Friday, 31 August 2018
Gilbert ... Gone
Now this makes me sad. Apparently Gilbert lived down our street for three years and now he's moved South and I'll never see him again. Admittedly, I never saw him, or knew him when he lived down the street. Well, I may have seen him but not recognised him as Gilbert. We were never introduced and I didn't even know he was living down the street, let alone he was Gilbert. He could have been any Tom, Dick or Peter living down the street or any where else for that matter. But he wasn't. He was Gilbert. And he lived down the street. And I never met him. Talked to him. Or possibly have been a friend with him. That's sad.
They say a stranger is a friend you are yet to meet. Well, there's no chance of that with Gilbert is there? He came. He lived. He went. And I didn't even know he existed. Probably, he didn't even know I existed. That's sad.
And that's what makes me sad. How many other Gilberts are there down our street that I know nothing about? They would not be called Gilbert, of course. That would be a coincidence. But whatever they are called I don't know they exist and they don't know I exist. That's sad.
I go to church frequently. I often sit in the same place, behind the pillar out of sight of the priest. I see many people in church. They often sit in the same place. I don't know all their names, and have not spoken to all of them. I just know them by sight. The old lady with a walking stick. The old man with a moustache. The couple with their children and so on. They are all people coming to church on Sunday and no doubt giving God a headache with their problems and their different wants and requests. I just go to church and for the most part I ignore them, and they ignore me. That's sad.
The other Sunday, the man who gives out the hymn books as you enter the church, what is his name? You know? Tall man, with a limp. In his sixties. Anyway, he told me that Mrs Haricot had died. I did not know who Mrs Haricot was. I did not know she was alive let alone that she is now dead. The man with the hymn books told me she sat on the left, just by the Statue of St Anthony, over there ... Come to think of it. I remember an elderly lady always dressed in black who always sat over there. Well, she is now dead. That's sad.
I never knew her. But I could have. She was there every Sunday and I never spoke to her. And she never spoke to me. We could have been friends. But we were not, because we never spoke to each other. We both went to church every Sunday and bothered God with our problems rather than bothering about each other. That's sad.
Gilbert makes me sad. Mrs Haricot makes me sad. The man with the hymn books makes me sad. And the old lady with the walking stick. And the man with the moustache. And the couple with their children. These are all people who are here today and probably gone tomorrow. To Bognor Regis I shouldn't wonder. Have you ever been? Don't bother ... nothing to write home about. That's sad.
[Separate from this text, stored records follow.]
Lemma cantor_plateau_middle c r :
  1/3 <= c - Rabs r -> c + Rabs r <= 2/3 -> plateau cantor (c, r).
Proof.
  intros Hl Hr z Hz. simpl in *.
  rewrite (cantor_middle z), (cantor_middle c) by (split_Rabs; lra).
  split; [split_Rabs; lra | reflexivity].
Qed.

Lemma cantor_plateau_low c r : plateau cantor (c, r) -> plateau cantor (c / 3, r / 3).
Proof.
  intros H z Hz. pose proof (plateau_center _ _ _ H). unfold plateau in H. simpl in *.
  destruct (H (3 * z)) as [H3z Hf]; [split_Rabs; lra |].
  rewrite (cantor_low z), (cantor_low (c / 3)) by lra.
  replace (3 * (c / 3)) with c by field. split; [lra | congruence].
Qed.

Lemma cantor_plateau_high c r : plateau cantor (c, r) -> plateau cantor ((c + 2) / 3, r / 3).
Proof.
  intros H z Hz. pose proof (plateau_center _ _ _ H). unfold plateau in H. simpl in *.
  destruct (H (3 * z - 2)) as [H3z Hf]; [split_Rabs; lra |].
  rewrite (cantor_high z), (cantor_high ((c + 2) / 3)) by lra.
  replace (3 * ((c + 2) / 3) - 2) with c by field. split; [lra | congruence].
Qed.

Lemma cantor_plateaus_near k x : 0 <= x <= 1 ->
  exists c r, r <> 0 /\ Rabs (c - x) <= (1/3)^k /\ plateau cantor (c, r).
Proof.
  revert x. induction k as [| k IH]; intros x Hx; simpl pow.
  - exists (1/2), (1/6). split; [lra | split].
    + split_Rabs; lra.
    + apply cantor_plateau_middle; rewrite Rabs_pos_eq; lra.
  - destruct (Rle_dec x (1/3)) as [Hlow |]; [| destruct (Rle_dec (2/3) x) as [Hhigh |]].
    + destruct (IH (3 * x) ltac:(lra)) as [c [r [Hr [Hc Hcr]]]].
      exists (c / 3), (r / 3). split; [lra | split; [| apply cantor_plateau_low, Hcr]].
      split_Rabs; lra.
    + destruct (IH (3 * x - 2) ltac:(lra)) as [c [r [Hr [Hc Hcr]]]].
      exists ((c + 2) / 3), (r / 3). split; [lra | split; [| apply cantor_plateau_high, Hcr]].
      split_Rabs; lra.
    + exists x, (Rmin (x - 1/3) (2/3 - x)).
      pose proof (pow_lt (1/3) k ltac:(lra)).
      assert (Hm : 0 < Rmin (x - 1/3) (2/3 - x)) by (apply Rmin_pos; lra).
      pose proof (Rmin_l (x - 1/3) (2/3 - x)); pose proof (Rmin_r (x - 1/3) (2/3 - x)).
      split; [lra | split].
      * rewrite Rminus_diag, Rabs_R0. lra.
      * apply cantor_plateau_middle; rewrite Rabs_pos_eq; lra.
Qed.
And all the Bloggers who visit me and I visit them ... they make me sad. Because I don't know them either. They are like Gilberts. People known by name only. But to me, they are more than just names on my monitor. They are real people. I believe they are mostly good people with their families, their friends, their lives and their hopes. We visit each others' blogs and leave a short message, saying "Hi" and that's it ... We really don't know each other and chances are we will never meet in real life because of distance, I suppose. That's sad.
And what happens when someone suddenly stops blogging and visiting? Their blog posts have stopped suddenly with no explanation. What is the blogging etiquette then? Do you write to them checking they are OK? Or is that not the done thing? I don't know ... and that's sad too.
Personally, I just pray for them. And give God a headache as I add to my list of prayers.